When network has hung, these errors occur about every 2 seconds). Verbose output shown here:

root@tim-nuc10:~# journalctl --since "2025-11-19 05:00:03" --until "2025-11-19 05:00:04" -o verbose
Wed 2025-11-19 05:00:03.609642 AEDT [s=357c571eab6d4965951303c26dfdd3c1;i=1cadd5;b=d3f13914711347d9b09a19db19ba1dd2;m=4>
    _BOOT_ID=d3f13914711347d9b09a19db19ba1dd2
    _MACHINE_ID=4dd372840ba9458ea51b7ea0e1828448
    _HOSTNAME=tim-nuc10
    _RUNTIME_SCOPE=system
    _TRANSPORT=kernel
    SYSLOG_FACILITY=0
    SYSLOG_IDENTIFIER=kernel
    PRIORITY=3
    _KERNEL_SUBSYSTEM=pci
    _KERNEL_DEVICE=+pci:0000:00:1f.6
    _UDEV_SYSNAME=0000:00:1f.6
    _SOURCE_MONOTONIC_TIMESTAMP=4956951916911
    MESSAGE=e1000e 0000:00:1f.6 eno1: Detected Hardware Unit Hang:
              TDH                  <e9>
              TDT                  <9>
              next_to_use          <9>
              next_to_clean        <e9>
            buffer_info[next_to_clean]:
              time_stamp           <2273268d5>
              next_to_watch        <ea>
              jiffies              <227716f00>
              next_to_watch.status <0>
            MAC Status             <40080083>
            PHY Status             <796d>
            PHY 1000BASE-T Status  <3800>
            PHY Extended Status    <3000>
            PCI Status             <10>

(Note that the network interface name, "eno1", is in the first line of the MESSAGE field above. The script could parse that line to get name instead of hard-coding it)

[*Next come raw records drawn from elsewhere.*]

Lemma measureU X Y : M X -> M Y -> X `&` Y = set0 -> m (X `|` Y) = m X + m Y.
Proof.
move=> MX MY XY0.
have M2 n : M (bigcup2 X Y n) by case: n => [|[|n]] //=; exact: sigma_set0.
have := measure_sigma_additive M2; rewrite -trivIset_bigcup2 bigcup2E => /(_ XY0).
rewrite -(cvg_shiftn 2) => cvU.
suff sum2 : (fun n => \sum_(i < n + 2) m (bigcup2 X Y i)) = fun=> m X + m Y.
  by rewrite sum2 in cvU; exact: (cvg_unique (@norm_hausdorff _ R^o)) cvU (cvg_cst _).
apply/funext => n; rewrite addn2 !big_ord_recl big1 ?addr0 ?addrA // => i _.
exact: measure0.
Qed.

Lemma measureD X Y : M X -> M Y -> Y `<=` X -> m (X `\` Y) = m X - m Y.
Proof.
move=> MX MY YX; rewrite -[in m X](setDUK YX) measureU ?setDIK //.
  by rewrite addrC addKr.
exact: sigma_setD.
Qed.

Lemma le_measure X Y : M X -> M Y -> X `<=` Y -> m X <= m Y.
Proof.
move=> MX MY XY; rewrite -(subr_ge0 (m X)) -measureD //.
by apply: measure_ge0; exact: sigma_setD.
Qed.

Lemma nondecreasing_cvg_measure (F : nat -> set T) : (forall n, M (F n)) ->
  (forall n, F n `<=` F n.+1) -> m (F n) @[n --> \oo] --> m (\bigcup_n F n).
Proof.
move=> MF FS; have ndF : nondecreasing_seq F by apply/nondecreasing_seqP => n; exact/subsetPset.
have MD n : M (seqD F n) by case: n => [|n] //=; exact: sigma_setD.
have partial n : \sum_(i < n.+1) m (seqD F i) = m (F n).
  elim: n => [|n IH]; first by rewrite big_ord_recl big_ord0 addr0.
  by rewrite big_ord_recr /= IH -measureU ?setDIK -?setU_seqD //; exact: sigma_setD.
have := measure_sigma_additive MD (trivIset_seqD ndF).
by rewrite eq_bigcup_seqD -cvg_shiftS; under eq_fun do rewrite partial.
Qed.

Lemma nonincreasing_cvg_measure (F : nat -> set T) : (forall n, M (F n)) ->
  (forall n, F n.+1 `<=` F n) -> m (F n) @[n --> \oo] --> m (\bigcap_n F n).
Proof.
move=> MF FS; have F0 n : F n `<=` F 0.
  by elim: n => // n IH; exact: subset_trans (FS n) IH.
have Mcap : M (\bigcap_n F n) by exact: sigma_bigcap.
have cap0 : \bigcap_n F n `<=` F 0 by move=> x; apply.
have MC n : M (F 0 `\` F n) by exact: sigma_setD.
have CS n : F 0 `\` F n `<=` F 0 `\` F n.+1 by exact: setDS.
have := nondecreasing_cvg_measure MC CS.
rewrite -setI_bigcupr -setC_bigcap -setDE (measureD (MF 0) Mcap cap0).
under eq_fun do rewrite (measureD (MF 0) (MF _) (F0 _)).
move=> cvC.
have : m (F 0) - (m (F 0) - m (F n)) @[n --> \oo] --> m (F 0) - (m (F 0) - m (\bigcap_n F n)).
  by apply: cvgB => //; exact: cvg_cst.
by rewrite subKr; under eq_fun do rewrite subKr.
Qed.

Lemma measure_bigcap_inf (X : Type) (code : X -> nat) (E : X -> set T) :
  injective code -> (forall t, M (E t)) ->
  m (\bigcap_t E t) =
  inf [set m (\bigcap_(t in [set t | List.In t ts]) E t) | ts in [set: seq X]].
Proof.
move=> code_inj ME.
pose B n := \bigcap_(t in [set t | (code t < n)%N]) E t.
have MB n : M (B n).
  by have [ts tsE] := exists_seq_code_lt code_inj n; rewrite /B -tsE; exact: sigma_bigcap_In.
have BS n : B n.+1 `<=` B n by move=> x Bx t /ltnW; exact: Bx.
have capB : \bigcap_n B n = \bigcap_t E t.
  apply/seteqP; split=> [x Bx t _|x Ex n _ t _]; last exact: Ex.
  exact: (Bx (code t).+1 I t (ltnSn _)).
have Mcap : M (\bigcap_t E t) by rewrite -capB; exact: sigma_bigcap.
have Mfin ts : M (\bigcap_(t in [set t | List.In t ts]) E t) by exact: sigma_bigcap_In.
apply/eqP; rewrite eq_le; apply/andP; split.
  apply: lb_le_inf; first by exists (m (\bigcap_(t in [set t | List.In t [::]]) E t)), [::].
  by move=> _ [ts _ <-]; apply: le_measure => // x Ex t _; exact: Ex.
have := nonincreasing_cvg_measure MB BS; rewrite capB => cvB.
apply: (cvgr_to_ge cvB); apply: nearW => n.
have [ts tsE] := exists_seq_code_lt code_inj n.
apply: ge_inf; last by exists ts => //; rewrite tsE.
by exists 0 => _ [ts' _ <-]; exact: measure_ge0.
Qed.

End ProbabilityMeasure.

Lemma List_In_map (X Y : Type) (f : X -> Y) (s : seq X) :
  [set y | List.In y (map f s)] = f @` [set x | List.In x s].
Proof.
apply/seteqP; split=> y /=; first by case/List.in_map_iff => x [<- ?]; exists x.
by case=> x ? <-; exact: List.in_map.
Qed.

Section Models.
Variable A : alphabet.
Implicit Types phi psi : sentence A.

Lemma Mod_TOr phi psi : Mod (TOr phi psi) = Mod phi `|` Mod psi.
Proof.
apply/seteqP; split=> -[I ?]; rewrite /Mod /valid_in /V /= den_or.
  by case/orP; [left|right].
by case=> h; apply/orP; [left|right].
Qed.

Lemma Mod_valid phi : valid phi -> Mod phi = setT.
Proof. by move=> phi_valid; apply/seteqP; split=> // -[I ?] _; exact: phi_valid. Qed.

Lemma Mod_disjoint phi psi : valid (TNot (TAnd phi psi)) -> Mod phi `&` Mod psi = set0.
Proof.
move=> excl; apply/seteqP; split=> // -[I ?]; rewrite /Mod /valid_in /V /= => -[phiI psiI].
by have := excl I; rewrite /valid_in /V /= den_not den_and phiI psiI.
Qed.

Lemma valid_in_bigAnd (I : interp A) (l : seq (sentence A)) :
  valid_in I (bigAnd l) <-> forall phi, List.In phi l -> valid_in I phi.
Proof.
elim: l => [|phi [|psi l] IH].
- by split=> // _; exact: den_true.
- by split=> [? _ [<-|[]]|]; last by apply; left.
- rewrite /valid_in /V /= den_and; rewrite /valid_in /V /= in IH.
  split=> [/andP[? /IH all_l] chi [<-|] //|all_l]; first exact: all_l.
  by apply/andP; split; [|apply/IH => chi ?]; apply: all_l; [left|right].
Qed.

Lemma Mod_bigAnd (l : seq (sentence A)) :
  Mod (bigAnd l) = \bigcap_(phi in [set phi | List.In phi l]) Mod phi.
Proof. by apply/seteqP; split=> I /valid_in_bigAnd. Qed.


Lemma Mod_TEq_fun a b (r s : Defs.closed A (TArr a b)) :
  Mod (TEq r s) = \bigcap_t Mod (TEq (TApp r t) (TApp s t)).
Proof.
apply/seteqP; split=> -[I I_sep]; rewrite /Mod /valid_in /V /=.
  by move=> /den_eq rs t _; apply/den_eq; rewrite !den_app rs.
move=> rs_pointwise; apply/den_eq; apply: contrapT => /I_sep [t]; apply.
by apply/den_eq/rs_pointwise.
Qed.

Lemma Bhat_sigma_algebra : is_sigma_algebra (Bhat A).
Proof. exact: gen_sigma_sigma_algebra. Qed.

Lemma Bhat_Mod phi : Bhat A (Mod phi).
Proof. by apply: sub_gen_sigma; exists phi. Qed.

End Models.

Theorem mainTheorem12 (R : realType) (A : alphabet)
  (hcountC : countable_alphabet A)
  (hcountB : exists f : base A -> nat, injective f)
  (mustar : set (Ihat A) -> R)
  (hmu : prob_measure (Bhat A) mustar) :
  gaifman (fun phi : sentence A => mustar (Mod phi)).
Proof.
have [code_const code_const_inj] := hcountC.
have [code_base code_base_inj] := hcountB.
have sigmaB := Bhat_sigma_algebra A.
split; first split.
- by move=> phi; exact: (measure_ge0 hmu (Bhat_Mod phi)).
- by move=> phi /Mod_valid ->; exact: (measure_setT hmu).
- move=> phi psi /Mod_disjoint disj; rewrite Mod_TOr.
  exact: (measureU sigmaB hmu (Bhat_Mod _) (Bhat_Mod _) disj).
move=> a b r s.
have [code code_inj] := term_countable code_base_inj code_const_inj [::] a.
rewrite Mod_TEq_fun (measure_bigcap_inf sigmaB hmu code_inj) => [|t]; last exact: Bhat_Mod.
congr inf; apply: eq_imagel => ts _ /=.
by rewrite Mod_bigAnd List_In_map bigcap_image.
Qed.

Based on that, the hang check looks at the journal for the last two minutes and filters on these fields:

_TRANSPORT=kernel
_KERNEL_SUBSYSTEM=pci
PRIORITY=3

Output from that is then filtered through this, to count the number of hangs:

grep -c "Detected Hardware Unit Hang:"

Complete command looks like this:

if ! hangcount=$(journalctl \
                    --since "2 minutes ago" _TRANSPORT=kernel \
                    _KERNEL_SUBSYSTEM=pci --priority=3 | \
                 grep -c "Detected Hardware Unit Hang:")
then
    log_msg 1 "No network hang detected, exiting"
    exit 0
fi
#!/bin/bash
# Reset network interface if system journal shows it has hung
# Refer https://forum.proxmox.com/threads/e1000-driver-hang.58284
# 19/11/2025 v1.0 Created simplified version - Tim.
set -euo pipefail
usage() {
cat <<EOF
Reset network if hang detected in PVE networking, must be run as root.
Options:
-h this help
-v verbose output, specify multiple times to increase verbosity
EOF
}
log_msg() {
local loglevel="$1"
local logmsg="$2"
local timestamp
timestamp=$(date +"%Y-%m-%d %H:%M:%S")
if [[ $loglevel -le $VERBOSITY ]]; then
echo "$timestamp: $logmsg"
fi
}
#defaults
VERBOSITY=0
while getopts "hv" OPTION
do
case $OPTION in
h)
usage
exit 0
;;
v)
VERBOSITY=$((VERBOSITY + 1))
;;
\?)
usage
exit 3
;;
esac
done
shift $((OPTIND - 1))
[[ $VERBOSITY -ge 1 ]] && echo "Verbosity is: $VERBOSITY"
# check system journal for recent hang
if ! hangcount=$(journalctl \
--since "2 minutes ago" _TRANSPORT=kernel \
_KERNEL_SUBSYSTEM=pci --priority=3 | \
grep -c "Detected Hardware Unit Hang:")
then
log_msg 1 "No network hang detected, exiting"
exit 0
fi
log_msg 0 "Hang detected, count is: $hangcount, restarting network"
# need full path, root cron PATH does not include /usr/sbin
/usr/sbin/ifdown eno1; sleep 10; /usr/sbin/ifup eno1
log_msg 2 "Sleeping 10 seconds for good luck"
sleep 10
# problem has been detected, so exit non-zero to get notification from cron
exit 1
@minhoryang
Copy link
Copy Markdown

Would it make sense to store the previous $hangcount? Otherwise, once a hang is detected, the interface may cycle down/up every 10 minutes.

@thebream
Copy link
Copy Markdown
Author

thebream commented Apr 4, 2026

As configured above, the script runs every 10 minutes, and checks the system journal for hangs since 2 minutes ago - so, as long as the journal check interval is shorter than the interval that cron runs the script, there won't be a problem.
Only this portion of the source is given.